Open tbg opened 2 years ago
cc @cockroachdb/replication
+1 to the premise of this issue, thanks for writing this up.
An interesting observation that came out of our earlier discussion about this is that quorum replication can minimize the effect of fsync latency on writes (since raft commit and state machine application would see the K-th lowest fsync latency where K is the quorum size). However, a slow disk on the leaseholder will not be hidden from a reader attempting to read from that disk (after a block/page cache miss). For that, some form of hedging seems necessary. Strong consistency, even with consistent follower reads, complicates our ability to hedge reads. I don't understand the internals of cloud block storage well enough to know whether variable write latency is more of a problem than variable read latency.
It's also worth pointing out in this issue that (as of https://github.com/cockroachdb/cockroach/pull/38954) we don't wait for Raft entry application before acknowledging a write to the client. However, we do have to wait for the application before releasing that write's latches. As a result, any latency incurred by log application will not be paid by the writer itself, but will be paid by any reader or writer that contends with the writer.
However, a slow disk on the leaseholder will not be hidden from a reader attempting to read from that disk (after a block/page cache miss)
Yes, that's a concern, too. I would suspect that write throughput suffers more frequently than read throughput (since the latter is easier to scale), but both scenarios exist.
I'm not aware of great hedges here. There is always the option of transferring the lease (when there is a suitable target) but that is a very binary option and it's hard to determine the right moment to do so.
It's also worth pointing out in this issue that (as of https://github.com/cockroachdb/cockroach/pull/38954) we don't wait for Raft entry application before acknowledging a write to the client. However, we do have to wait for the application before releasing that write's latches. As a result, any latency incurred by log application will not be paid by the writer itself, but will be paid by any reader or writer that contends with the writer.
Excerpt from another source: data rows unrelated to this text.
Lemma measurable_marg_fun (v' : subV W) : measurable_fun setT (f (val v')) ->
  measurable_fun setT (marg_fun v').
Proof. by move=> mf; exact: measurableT_comp mf measurable_lift_unfiber. Qed.

Lemma depends_only_on_marg_fun (v' : subV W) :
  depends_only_on (fun u => u \in pa G [set val v']%SET)
    (fun F : Fidx G => val v' \in val F) (f (val v')) ->
  depends_only_on (fun u' => u' \in pa M [set v']%SET)
    (fun j : Fidx M => v' \in val j) (marg_fun v').
Proof.
move=> df; apply: depends_only_on_lift df _ _ => [u h|F] /=.
  case=> [uv|[a /andP [aW]]]; rewrite mem_pa1 /= /dpath_via; first by rewrite -mem_pa1 uv.
  rewrite mem_pa1 => av; rewrite inE => /andP [_ /existsP [b /andP [ba ub]]].
  move: ba; rewrite inE => /andP [bW ba].
  apply/orP; right; apply/existsP; exists b; apply/existsP; exists a.
  by rewrite bW aW ub ba av.
case=> [vF|[a /andP [aW]]]; first by apply: mem_asg; rewrite vF.
rewrite mem_pa1 => av /existsP [b /andP [ba bF]]; apply: mem_asg.
move: ba; rewrite inE => /andP [bW ba].
apply/orP; right; apply/existsP; exists b; rewrite bF; apply/existsP; exists a.
by rewrite bW aW ba av.
Qed.

Lemma marg_fun_ae (v' : subV W) :
  {ae P, forall o, Xv (val v') o = f (val v') (outcome Xv Ev o)} ->
  {ae P, forall o, Xv (val v') o = marg_fun v' (outcome Xv' (fiber_vec Ev asg) o)}.
Proof.
by move=> fae; apply: filterS2 fae lift_outcome_ae => o -> lo; rewrite /marg_fun lo.
Qed.

End StructuralEquations.

Section MargLoop.
Variable S' : {set subV W}.
Local Notation St := (loopW G S').

Lemma asg_meets a (F : Fidx G) :
  a \in val F -> (a \in valS S') || ((a \in W) && reachesS G S' a) ->
  (val (asg F) :&: S' != finset.set0)%SET.
Proof.
move=> aF /orP [/imsetP [v' v'S av]|/andP [aW /existsP [b /andP [+ /existsP [ur]]]]].
  by apply/set0Pn; exists v'; rewrite inE v'S andbT; apply: mem_asg; rewrite -av aF.
move=> /imsetP [v' v'S bv] /and3P [urW aur urb]; subst b.
apply/set0Pn; exists v'; rewrite inE v'S andbT; apply: mem_asg.
apply/orP; right; apply/existsP; exists a; rewrite aF; apply/existsP; exists ur.
by rewrite aW urW aur urb.
Qed.

Lemma pa_loopW_marg u (h : u \notin W) :
  u \in pa G St :\: St \/
  (exists2 a, (a \in W) && (a \in pa G St :\: St) & u \in inputsW G W a) ->
  exist _ u h \in pa M S' :\: S'.
Proof.
case=> [|[a /andP [aW]]]; rewrite finset.in_setD => /andP [uSt].
  rewrite inE => /existsP [s /andP [sSt us]]; rewrite finset.in_setD mem_pa_marg.
    by rewrite andbT notin_marg //; apply: contra uSt; exact: valS_loopW.
  exact: loopW_dpath us sSt.
move=> /(pa_loopW_reachesS aW) aS; rewrite inE => /andP [_ /existsP [b /andP [ba ub]]].
have bS := reachesS_ancestor ba aS.
have bW : b \in W by move: ba; rewrite inE => /andP [].
rewrite finset.in_setD mem_pa_marg ?andbT; last exact: reachesS_dpath ub bW bS.
apply: notin_marg; apply: contra uSt => uS; rewrite inE; apply/orP; right.
rewrite inE aW aS andbT; apply/existsP; exists u; rewrite uS; apply/existsP; exists b.
by move: ba; rewrite inE bW ub => /andP [_ ->].
Qed.

Lemma meets_loopW_marg F :
  (val F :&: St != finset.set0)%SET \/
  (exists2 a, (a \in W) && (a \in pa G St :\: St) & meets_ancestorsW W a F) ->
  (val (asg F) :&: S' != finset.set0)%SET.
Proof.
case=> [/set0Pn [s]|[a /andP [aW]]].
  by rewrite finset.in_setI => /andP [sF /loopW_cases]; exact: asg_meets sF.
rewrite finset.in_setD => /andP [_ /(pa_loopW_reachesS aW) aS] /existsP [b /andP [ba bF]].
apply: (asg_meets bF); apply/orP; right.
by rewrite (reachesS_ancestor ba aS) andbT; move: ba; rewrite inE => /andP [].
Qed.

End MargLoop.

Hypothesis hloop : loop_solvable P Xv Ev.

Lemma loop_solvable_marg : loop_solvable P Xv' (fiber_vec Ev asg).
Proof.
move=> S' lS v' v'S.
have vSt : val v' \in loopW G S' by apply: valS_loopW; apply/imsetP; exists v'.
have [g [mg [dg gae]]] := hloop (loopW_loop lS) vSt.
exists (fun z => g (lift z, unfiber z.2)); split; [|split].
- exact: measurableT_comp mg measurable_lift_unfiber.
- exact: depends_only_on_lift dg (@pa_loopW_marg S') (@meets_loopW_marg S').
- by apply: filterS2 gae lift_outcome_ae => o -> lo; rewrite lo.
Qed.

End Marginal.

Theorem mainTheorem12 (R : realType) (V : finType) (G : HEDG V)
  (dX : V -> measure_display) (X : forall v : V, measurableType (dX v))
  (PV : probability (piT X) R) :
  is_HEDG G ->
  (forall v : V, standard_borel R (X v)) ->
  lsSEP G X PV ->
  forall W : {set V},
    lsSEP (marg G W) (fun u : subV W => X (val u)) (marginal W X PV).
Proof.
move=> _ _ [dO [Om [P [dE [E [Ev [f [Xv H]]]]]]]] W.
case: H => Esb [mEv [Eindep [mXv [hf [hse [hlaw hloop]]]]]].
have [sol sol_solves] := exists_solutions W hloop.
have [asg asg_sub] := exists_marg_maxface G W.
exists dO, Om, P, _, _, (fiber_vec Ev asg), (marg_fun sol f), (fun u' => Xv (val u')).
split; first by move=> j; apply: standard_borel_piT => k; exact: Esb.
split; first by move=> j; exact: measurable_fiber_vec.
split; first exact: mutually_independent_fibers.
split; first by move=> u'; exact: mXv.
split.
  move=> v'; have [mf df] := hf (val v').
  split; first exact (measurable_marg_fun sol_solves mf).
  exact (depends_only_on_marg_fun sol_solves asg_sub df).
split; first by move=> v'; exact (marg_fun_ae asg sol_solves (hse (val v'))).
split; last exact (loop_solvable_marg sol_solves asg_sub hloop).
move=> B mB; rewrite /marginal -hlaw //.
by have := measurable_restr measurableT mB; rewrite setTI.
Qed.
Just to spell this out for myself, in the ideal case, if we have a leader with a slow disk, and we've done all of the work in #17500 with an eye on this, a writer could come in, the write would commit with two followers, the append to the leader would be stuck, but the leader would learn that this entry committed and this would be enough to signal the waiting writer.
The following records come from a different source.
From Pilot Require Import Defs.
From HB Require Import structures.
From mathcomp Require Import all_boot all_order all_algebra.
From mathcomp Require Import all_classical all_reals.
From mathcomp Require Import exp complex spectral.
Import Order.TTheory GRing.Theory Num.Theory.
Set Implicit Arguments.
Unset Strict Implicit.
Unset Printing Implicit Defensive.
Local Open Scope ring_scope.
Local Open Scope sesquilinear_scope.

(* Both quantities maximize the same function of a moment vector: Opt over
   the moments (x^* A_i x)_i of unit vectors, OptSDP over the moments
   (<A_i, X>)_i of density matrices (X psd, tr X = 1).  A unit vector x gives
   the density matrix x x^*, so it suffices to realize the moments of any
   density matrix by a unit vector; only symmetry of the A_i is needed.
   - Complex case: a unitary V diagonalizes all A_i simultaneously
     (cotrigonalization of commuting normal matrices); then x = V y with
     |y_k|^2 = (V^* X V)_kk works.
   - Real case: the real and imaginary parts of the columns of V form a
     resolution of the identity sum_j e_j e_j^T = 1 by 2n real common
     eigenvectors.  With weights q_j = e_j^T X e_j the moments of X are
     sum_j q_j lam_j.  These eigenvectors need not be orthogonal, so the
     weights are first merged inside classes of equal eigenvalue tuples;
     class representatives are orthogonal, and the sum of the normalized
     representatives scaled by the square roots of the merged weights is
     the required vector. *)

Lemma col_eigen (F : comPzRingType) n (A V : 'M[F]_n) (delta : 'rV[F]_n) k :
  A *m V = V *m diag_mx delta -> A *m col k V = delta 0 k *: col k V.
Proof.
move=> /(congr1 (col k)); rewrite !colE mulmxA => ->.
by rewrite -!colE mul_mx_diag; apply/colP => a; rewrite !mxE mulrC.
Qed.

Section Codiagonalization.
Variable C : numClosedFieldType.

Lemma commuting_hermitian_codiag n d (A : 'I_d -> 'M[C]_n) :
  (forall i, A i ^t* = A i) -> (forall i j, A i *m A j = A j *m A i) ->
  exists V : 'M[C]_n, exists delta : 'I_d -> 'rV[C]_n,
  [/\ V *m V ^t* = 1%:M, V ^t* *m V = 1%:M,
      forall i, A i *m V = V *m diag_mx (delta i) &
      forall i k, (delta i 0 k)^* = delta i 0 k].
Proof.
move=> Aherm Acomm.
have [] := @cotrigonalization C n [seq A i | i <- enum 'I_d].
  by move=> _ _ /mapP[i _ ->] /mapP[j _ ->]; exact: Acomm.
move=> P Punitary /allP Ptrig.
have PPt : P *m P ^t* = 1%:M by apply/unitarymxP.
have PtP : P ^t* *m P = 1%:M by rewrite -[_ *m P]mul1mx mulmxA mulmxKtV.
pose D i := P *m A i *m P ^t*.
have Dherm i : D i ^t* = D i by rewrite /D !trmx_mul !map_mxM trmxCK Aherm mulmxA.
have Ddiag i j k : j != k -> D i j k = 0.
  have /is_trig_mxP Dtrig := Ptrig _ (map_f (fun i => A i) (mem_enum _ i)).
  move: Dtrig; rewrite /similar_to conjymx // -/(D i) => Dtrig.
  case: (ltngtP j k) => [jk|kj|/val_inj->]; last by rewrite eqxx.
  - by move=> _; exact: Dtrig.
  - move=> _; have : (D i ^t*) k j = 0 by rewrite Dherm; exact: Dtrig.
    by rewrite !mxE => /eqP; rewrite conjC_eq0 => /eqP.
exists (P ^t*), (fun i => \row_k D i k k); split; rewrite ?trmxCK //.
- move=> i; have -> : diag_mx (\row_k D i k k) = D i.
    apply/matrixP => j k; rewrite [LHS]mxE; have [->|jk] := eqVneq j k.
      by rewrite mulr1n [LHS]mxE.
    by rewrite mulr0n Ddiag.
  by rewrite /D !mulmxA PtP mul1mx.
- by move=> i k; rewrite mxE -[in RHS]Dherm !mxE.
Qed.

Lemma conjmx_diag_entry n (M X : 'M[C]_n) k :
  (M ^t* *m X *m M) k k = ((col k M) ^t* *m (X *m col k M)) 0 0.
Proof.
rewrite -mulmxA !mxE; apply: eq_bigr => j _; rewrite !mxE; congr (_ * _).
by apply: eq_bigr => l _; rewrite !mxE.
Qed.
Theorem lemma4p3 (R : realType) (delta : R) (hdelta : 0 < delta < 1) :
  (forall (V : lmodType R[i]) (ip : V -> V -> R[i]) (T : V -> V),
     admissible delta ip T ->
     forall omega : R[i], `|omega| = 1 ->
       resolvent_ok omega T /\
       (opnorm ip (Psi_op delta omega T) <= 1%:E)%E) /\
  (forall omega : R[i], `|omega| = 1 ->
     bfd_norm_Psi delta omega = 1%:E /\ 1%:E = sup_Psi_G delta omega).
Proof.
split=> [V ip T adm omega omega1|omega omega1]; first exact: admissible_Psi_op_le1.
have bfd_le1 : (bfd_norm_Psi delta omega <= 1%:E)%E.
  apply: ge_ereal_sup => _ [V [ip [T [adm ->]]]].
  by case: (admissible_Psi_op_le1 hdelta adm omega1).
have sup_le_bfd : (sup_Psi_G delta omega <= bfd_norm_Psi delta omega)%E.
  apply: ereal_sup_le => _ [lam lam_G <-].
  exists (R[i]^o), (@cip R), (mul_op lam); split; first exact: mul_op_admissible.
  by rewrite Psi_op_mul_op ?opnorm_mul_op // (Psi_den_neq0 hdelta omega1 lam_G).
have one_le_sup := sup_Psi_G_ge1 hdelta omega1.
split; apply/eqP; rewrite eq_le.
  by rewrite bfd_le1 (le_trans one_le_sup sup_le_bfd).
by rewrite one_le_sup (le_trans sup_le_bfd bfd_le1).
Qed.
What's more, the leader doesn't have to wait for entries to be durable locally before it applies them (let's ignore conf changes and the like, where we can be stricter), assuming they got committed using other voters. The only gotcha is that if the leader crashes, and we have separate engines (= no ordering constraint between log write and state machine apply), we might come up with an AppliedIndex
that's ahead of what's actually in the logs. We need to prevent this from tripping us up (today we never have such a gap) but the solution is to simply throw away the log, i.e. truncate to the AppliedIndex
. This wouldn't even cause snapshots, since we'll be a follower now, and the more up to date log is elsewhere and can catch us up just fine.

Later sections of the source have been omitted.